Gerade weil im Moment eine Art Patt herrscht, und weil so eine Situation im Militärischen wie Politischen schnell eskaliert werden kann, gerade deshalb wäre jetzt die Notwendigkeit, dass ein Vermittler gefunden wird. (Den Vermittler hatte ich am 1.9. hier umrissen)
Die Lösung dieses Vermittlers muss nicht die Weisheit für die nächsten Jahrhunderte sein, dafür dürften die Probleme viel zu komplex sein. Aber man sollte einer nächsten Generation, die vielleicht klüger ist, die Chance geben, ohne kriegerische Mittel aus der Situation herauszufinden!
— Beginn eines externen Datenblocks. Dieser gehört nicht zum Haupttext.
(* Let $P$ be a possibilistic positive disjunctive logic program. If $\Gamma_0:=\mathcal T(P)$ and $\Gamma_i:=\mathcal T(\Gamma_{i-1})$ for $i\in\mathbb N$, then there exists $n\in\mathbb N$ such that $\Gamma_n=\Gamma_{n-1}$. (This $\Gamma_n$ is denoted $\Pi(P)$.)
   Context: $(\mathcal Q,\le)$ is a finite lattice; $\mathrm{GLB}$ denotes greatest lower bound. A possibilistic positive disjunctive logic program is a finite set (over a finite set of atoms) of clauses $\alpha:\mathcal A\leftarrow\mathcal B^+$ with $\alpha\in\mathcal Q$, $\mathcal A,\mathcal B^+$ finite sets of atoms; $n(r)=\alpha$. A clause is identified with the triple $(\alpha,\mathcal A,\mathcal B^+)$. G-GPPE: if $r_1=\alpha:\mathcal A\leftarrow\mathcal B^+\cup\{B\}$ and $r_2=\alpha_1:\mathcal A_1$ (empty body) with $B\in\mathcal A_1$ and $B\notin\mathcal B^+$, then $\text{G-GPPE}(r_1,r_2)=(\mathrm{GLB}\{\alpha,\alpha_1\}:\mathcal A\cup(\mathcal A_1\setminus\{B\})\leftarrow\mathcal B^+)$. The operator $\mathcal T(P):=P\cup\{\text{G-GPPE}(r_1,r_2): r_1,r_2\in P \text{ for which it is defined}\}$. *)

From mathcomp Require Import all_boot all_order.
Set Implicit Arguments. Unset Strict Implicit. Unset Printing Implicit Defensive.
Import Order.TTheory.

(* A possibilistic positive disjunctive clause  alpha : A <- B+  over a finite
   set of atoms At and a finite lattice Q, identified with the triple
   (alpha, A, B+). *)
Definition clause (d : Order.disp_t) (Q : finLatticeType d) (At : finType) :=
  (Q * {set At} * {set At})%type.

Definition program (d : Order.disp_t) (Q : finLatticeType d) (At : finType) :=
  {set clause Q At}.

Definition cl_n d (Q : finLatticeType d) At (r : clause Q At) : Q := r.1.1.
Definition cl_head d (Q : finLatticeType d) At (r : clause Q At) : {set At} := r.1.2.
Definition cl_body d (Q : finLatticeType d) At (r : clause Q At) : {set At} := r.2.

(* gppe r1 r2 b r  <=>  r1 = alpha : A <- B+ u {b} with b \notin B+,
   r2 = alpha1 : A1 (empty body) with b \in A1, and
   r = GLB{alpha,alpha1} : A u (A1 \ {b}) <- B+ . *)
Definition gppe d (Q : finLatticeType d) At (r1 r2 : clause Q At) (b : At)
  (r : clause Q At) : bool :=
  [&& b \in cl_body r1, cl_body r2 == set0, b \in cl_head r2 &
      r == (Order.meet (cl_n r1) (cl_n r2),
            cl_head r1 :|: (cl_head r2 :\ b),
            cl_body r1 :\ b)].

Definition T_op d (Q : finLatticeType d) At (P : program Q At) : program Q At :=
  P :|: [set r | [exists r1 in P, exists r2 in P, exists b, gppe r1 r2 b r]].

Fixpoint Gamma d (Q : finLatticeType d) At (P : program Q At) (i : nat)
  : program Q At :=
  match i with
  | 0 => T_op P
  | i'.+1 => T_op (Gamma P i')
  end.

(* T only ever adds clauses, so the Gamma_i form an increasing chain of sets
   of clauses.  Over finitely many atoms and a finite lattice there are only
   finitely many clauses, and a strictly increasing chain of subsets of a
   finite type has length at most its cardinality, so the chain stabilizes. *)
From mathcomp Require Import all_boot all_order.

Set Implicit Arguments.
Unset Strict Implicit.
Unset Printing Implicit Defensive.

Lemma increasing_chain_stabilizes (T : finType) (F : nat -> {set T}) :
  (forall n, F n \subset F n.+1) -> exists2 n, n <= #|T| & F n.+1 = F n.
Proof.
move=> F_incr; case: (pickP (fun n : 'I_#|T|.+1 => F n.+1 == F n)).
  by move=> n /eqP eqF; exists n; first by rewrite -ltnS.
move=> F_moves; exfalso.
have F_strict n : n <= #|T| -> F n \proper F n.+1.
  rewrite -ltnS => lt_n; rewrite properEneq F_incr andbT eq_sym.
  exact: negbT (F_moves (Ordinal lt_n)).
have card_F n : n <= #|T|.+1 -> n <= #|F n|.
  elim: n => [|n IHn] // lt_n.
  exact: leq_ltn_trans (IHn (ltnW lt_n)) (proper_card (F_strict n lt_n)).
have := leq_trans (card_F _ (leqnn _)) (max_card (mem (F #|T|.+1))).
by rewrite ltnn.
Qed.

Lemma T_op_subset d (Q : finLatticeType d) (At : finType) (P : program Q At) :
  P \subset T_op P.
Proof. exact: subsetUl. Qed.

Lemma Gamma_subset_succ d (Q : finLatticeType d) (At : finType)
    (P : program Q At) (i : nat) :
  Gamma P i \subset Gamma P i.+1.
Proof. exact: T_op_subset. Qed.

Theorem proposition9 (d : Order.disp_t) (Q : finLatticeType d) (At : finType)
  (P : program Q At) :
  exists n : nat, 0 < n /\ Gamma P n = Gamma P n.-1.
Proof.
have [n _ fixed_n] := increasing_chain_stabilizes (Gamma_subset_succ P).
by exists n.+1.
Qed.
Eine temporäre Lösung für jetzt – als Chance für eine Zukunft
Zur Illustration des Gemeinten hier eine völlig hypothetische Situation: Bei den jetzigen „Friedens“-Verhandlungen dominiert noch altes Denken und die Macht des Militärischen; so kommt es dazu, dass Russland die vier Provinzen behält, allerdings mit viel schmalerer Ausdehnung, vor allem im Süden. Das Ganze wird als Provisorium mit Vorbehalten formuliert, ähnlich wie viele Regelungen zur deutschen Frage bis 1989. – Ab da entwickelt sich die Ukraine als Teil des „Westens“ ähnlich kräftig wie Polen seit 1989, Russland stagniert. – Neue Regierungen von neuen Generationen auf beiden Seiten stellen fest, dass der Friedensvertrag von 2022/23 nicht mehr befriedigt: so würden Russland und Ukraine sich freuen, nicht mehr so viele Mittel für eine elend lange Militärgrenze ausgeben zu müssen; die Bevölkerung der 4 (oder 2) Provinzen votierte angesichts des (gerade angenommenen) ukrainischen Aufschwunges mehrheitlich für Zugehörigkeit zur Ukraine; aus Erleichterung über die jetzt erlangte Lösung finden beide eine Lösung für die Krim. Das alles wird flankiert von einer europäischen Sicherheitsordnung, ähnlich der „Verständigung“ zwischen USA und SU seit der Cuba-Krise, die die Verständigung von BRD und DDR flankiert.
Fazit:
Sage niemand, dass dieses Zukunftsbild illusorisch oder naiv wäre! Illusorisch und naiv ist derjenige, der bei einem „Einfach-weiter-so-wie-jetzt“ glaubt, einer Katastrophe entgehen zu können oder, noch naiver, einen „Sieg“ erringen zu können. Vielmehr:
Wer im Jahre 1871 oder 1918 hätte gedacht, dass es zwischen den „Erzfeinden“ Frankreich und Deutschland mal so konfliktarm zugehen würde wie seit 1963 – also schon seit 60 Jahren.